The `model_name` in config must match both registrations when a custom sampler
is required.

## GPU-Only Failures

Reduce the model size, request count, token budget, and batch token budget to
separate logic errors from memory pressure.

Useful temporary changes:

| Setting | Temporary value |
| --- | --- |
| `tensor_parallel_size` | Set to `1`. |
| `data_parallel_size` | Set to `1`. |
| `max_num_reqs` | Lower it to reduce active request pressure. |
| `max_num_batched_tokens` | Lower it to reduce scheduler and memory pressure. |
| `enforce_eager` | Set to `True` while isolating correctness issues. |

Re-enable optimized paths only after the small case is correct.

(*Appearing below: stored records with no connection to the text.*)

(* Let $a\in\mathcal A$. If area $a$'s decentralized DC-OPF problem has a feasible solution with $T_{a,(i,j)}=0$ for all $(i,j)\in\mathcal T_a$, then for each tieline $(i,j)\in\mathcal T_a$ there exists a critical price $\bar\mu_{(i,j)}>0$ such that whenever $\mu_{(i,j)}\ge\bar\mu_{(i,j)}$, the optimal solution of the decentralized DC-OPF problem has $T_{a,(i,j)}=0$.
   Context: Area $a$ of a multi-area power system has buses $\mathcal N_a$, internal lines $\mathcal F_a$ with reactances $x_{a,(i,j)}>0$ and limits $\overline F_{a,(i,j)}$, voltage angles $\theta_a$, known loads $D_a$, admittance matrix $B_a$, generators $\mathcal G_a$ with outputs $P_a$, limits $\underline P_a,\overline P_a$, incidence matrix $M_a$ and strictly convex cost functions $C_{a,g}$. Its tielines form the set $\mathcal T_a$ of pairs $(i,j)$ with $i$ a bus of $a$ and $j$ a bus of another area $a'$; flows $T_{a,(i,j)}$ (vector $T_a$, incidence matrix $R_a$), reactances $\bar x_{a,(i,j)}$, capacities $\bar T_{a,(i,j)}$. Given parameters $\alpha_{a',j}$, $\theta_{a',j}$ for each $(i,j)\in\mathcal T_a$ and capacity prices $\mu_{(i,j)}\ge 0$, the decentralized DC-OPF of area $a$ is: minimize $\sum_{g\in\mathcal G_a}C_{a,g}(P_{a,g})-\sum_{(i,j)\in\mathcal T_a}\alpha_{a',j}T_{a,(i,j)}+\sum_{(i,j)\in\mathcal T_a}\frac{\mu_{(i,j)}}{2}(|T_{a,(i,j)}|-\bar T_{a,(i,j)})$ over $P_a,\theta_a,T_a$ subject to $B_a\theta_a+R_aT_a=M_aP_a-D_a$, $\underline P_a\le P_a\le\overline P_a$, $-\overline F_{a,(i,j)}\le(\theta_{a,i}-\theta_{a,j})/x_{a,(i,j)}\le\overline F_{a,(i,j)}$ for $(i,j)\in\mathcal F_a$, $T_{a,(i,j)}=(\theta_{a,i}-\theta_{a',j})/\bar x_{a,(i,j)}$ for $(i,j)\in\mathcal T_a$, and $\theta_{a,1}=0$ if $a=1$. *)

From HB Require Import structures.
From mathcomp Require Import all_boot all_order all_algebra.
From mathcomp Require Import reals.
Set Implicit Arguments. Unset Strict Implicit. Unset Printing Implicit Defensive.
Import Order.TTheory GRing.Theory Num.Theory.
Local Open Scope ring_scope.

## Cache and Attention Issues

Cache bugs often appear as incorrect tokens, CUDA memory errors, or shape
mismatches. Check these fields together:

| Field or component | Why it matters |
| --- | --- |
| `block_size` | Must match the decoding block layout expected by the strategy. |
| `page_size` | Must stay compatible with `block_size` and the KV cache manager. |
| `kv_cache_layout` | Must match attention metadata and kernel layout assumptions. |
| Strategy attention metadata | Defines the tensors passed into attention kernels. |
| Model runner tensor preparation | Produces the shapes and layouts consumed by kernels. |

Do not change kernel code until the metadata and layout assumptions are clear.